Page 262 - Sejarah Tokoh Nama Bandar Udara (PREVIEW)
P. 262
251 SEJARAH TOKOH NAMA BANDAR UDARASEJARAH TOKOH NAMA BANDAR UDARA
PENUTUP
Pada 1998 terjadi perubahan drastis di Indonesia. Lengsesrnya Presiden Suharto
setelah 32 tahun berkuasa berdampak pada perubahan dalam segi kehidupan berbangsa.
Salah satu dampak tersebut adalah dikeluarkannya Undang Undang Otonomi Daerah, yang
menyebabkan terjadinya pemekaran sejumlah daerah di wilayah Indonesia. Perubahan
jumlah provinsi di Indonesia. Hingga tahun 2004, terjadi pemekaran jumlah provinsi di
Indonesia, yang semula berjumlah 27 berubah menjadi 34 Provinsi.
Pemekaran tersebut juga berdampak pada pembangunan infrastuktur, antara lain,
pembangunan bandar udara sebagai salah satu sarana transportasi di ibu kota provinsi
baru tersebut. Dalam perkembangannya, pengelolaan bandar udara juga silih berganti
mengalami perubahan, ada yang awalnya dikelola oleh pemerintah kolonial Belanda,
pemerintah bala tentara Jepang, pemerintah daerah, Direktorat Jenderal Perhubungan
Udara, dan dari instansi Angkatan Laut. Saat ini (2019), pengelolaan bandar udara dipegang
oleh Kementerian Perhubungan, Angkasa Pura I, Angkasa Pura II, Otorita (Batam), dan
Biro Penerbangan Angkatan Laut dan atau TNI AU
Perubahan lain yang terjadi adalah adanya perubahan nama beberapa bandar udara
seperti yang terangkum dalam buku ini, yaitu dari nama tempat menjadi nama pahlawan atau
tokoh. Di Banda Aceh, misalnya, pada zaman Jepang, bandar udaranya bernama Blang
Bintang, kemudian setelah kemerdekaan menjadi Bandar Udara Sultan Iskandar Muda.

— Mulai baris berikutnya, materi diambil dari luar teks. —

Lemma BasisIter_row_free_wt_lb i :
  row_free (BasisIter B i) /\
  wt_lb (BasisIter B i) (d * \prod_(1 <= j < i.+1) (k + j - 1))%N.
Proof.
have k_gt0 := mindist_rows_gt0 dB.
elim: i => [|i [freeBi lbBi]] /=; first by rewrite big_geq // muln1; case: dB.
split; first exact: Basis_row_free freeBi (ltn_addl i k_gt0).
rewrite prod_pred_succ mulnA [(_ * (k + i))%N]mulnC [(k + i)%N]addnC.
exact (Basis_wt_lb freeBi lbBi).
Qed.

Lemma BasisIter_profile u i : profile B u d -> (d * (k + i) <= u * k)%N ->
  profile (BasisIter B i)
    (u * \prod_(1 <= j < i.+1) (k + j - 1))%N (d * \prod_(1 <= j < i.+1) (k + j))%N.
Proof.
move=> profB; elim: i => [|i IH] cond; first by rewrite !big_geq // !muln1.
have profBi : profile (BasisIter B i)
    (u * \prod_(1 <= j < i.+1) (k + j - 1))%N (d * \prod_(1 <= j < i.+1) (k + j))%N.
  by apply: IH; apply: leq_trans cond; rewrite leq_mul2l addnS leqnSn orbT.
have step := Basis_profile (BasisIter_row_free_wt_lb i).1 profBi.
rewrite stage_condition_iff in step.
rewrite prod_succ prod_pred_succ.
have -> : (u * (\prod_(1 <= j < i.+1) (k + j - 1) * (k + i)) =
           (i + k) * (u * \prod_(1 <= j < i.+1) (k + j - 1)))%N by lia.
have -> : (d * (\prod_(1 <= j < i.+1) (k + j) * (k + i.+1)) =
           (i + k).+1 * (d * \prod_(1 <= j < i.+1) (k + j)))%N by lia.
exact (step cond).
Qed.

End Iteration.

Theorem proposition3p5 (F : fieldType) (n k d i : nat) (B : 'M[F]_(k, n)) :
  (0 < i)%N -> row_free B -> is_mindist B d ->
  [/\ Ndim n k i = (n * \prod_(1 <= j < i.+1) (k + j))%N,
      \rank (BasisIter B i) = (k + i)%N,
      exists2 di, is_mindist (BasisIter B i) di &
        (d * \prod_(1 <= j < i.+1) (k + j - 1) <= di)%N
    & forall u di : nat, (0 < u)%N -> u_bounded B u ->
        (d * (k + i) <= u * k)%N ->
        is_mindist (BasisIter B i) di ->
        di = (d * \prod_(1 <= j < i.+1) (k + j))%N /\
        (u_bounded (BasisIter B i) (u * \prod_(1 <= j < i.+1) (k + j - 1))
           <-> (d * (k + i.+1) <= u * k)%N)].
Proof.
move=> _ freeB dB; have k_gt0 := mindist_rows_gt0 dB.
have [freeBi lbBi] := BasisIter_row_free_wt_lb freeB dB i.
split.
- exact: Ndim_prod.
- by rewrite (eqP freeBi) addnC.
- have [di dBi] : exists di, is_mindist (BasisIter B i) di.
    by apply: mindist_exists; rewrite -mxrank_eq0 (eqP freeBi); lia.
  by exists di => //; exact: mindist_ge lbBi.
move=> u di _ /(u_boundedE _ dB) [profB _] cond dBi.
have profBi := BasisIter_profile freeB dB profB cond.
have [dBi' _ _] := profBi.
rewrite (mindist_unique dBi dBi') (u_boundedE _ dBi') stage_condition_iff.
by split=> //; split=> [[]|].
Qed.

Sebelum dikelola oleh pihak Angkasa Pura II, bandar dara ini dikelola oleh pemerintah bala
tentara Jepang. Demikian pula bandar udara di Palembang, yang dibangun pada masa Hindia
Belanda, berubah namanya dari Talang Betutu menjadi Sultan Mahmud Badaruddin II dan
pengelolaannya diserahkan kepada pihak Angkasa Pura II. Sementara itu, Bandar Udara
Pangkal Pinang yang dibangun oleh pemerintah bala tentara Jepang, setelah kemedekaan
dikelola oleh Angkasa Pura II dan mengalami perubahan nama menjadi Bandar Udara
Depati Amir.
Bandar udara lain yang juga mengalami perubahan nama adalah Bandar Udara
Tuban (Bali) yang dididirikan pada masa pemerintah kolonial Belanda sekitar tahun 1930-
an, berubah nama menjadi Bandar Udara I Gusti Ngurah Rai. Bandar udara ini dikelola oleh
pihak Angkasa Pura I, demikian pula Bandar Udara Kadieng (Sulawesi Selatan) yang juga
dibangun oleh pemerintah kolonial Belanda pada tahun 1930-an mengalami perubahan
nama menjadi Bandar Udara Sultan Hassanuddin.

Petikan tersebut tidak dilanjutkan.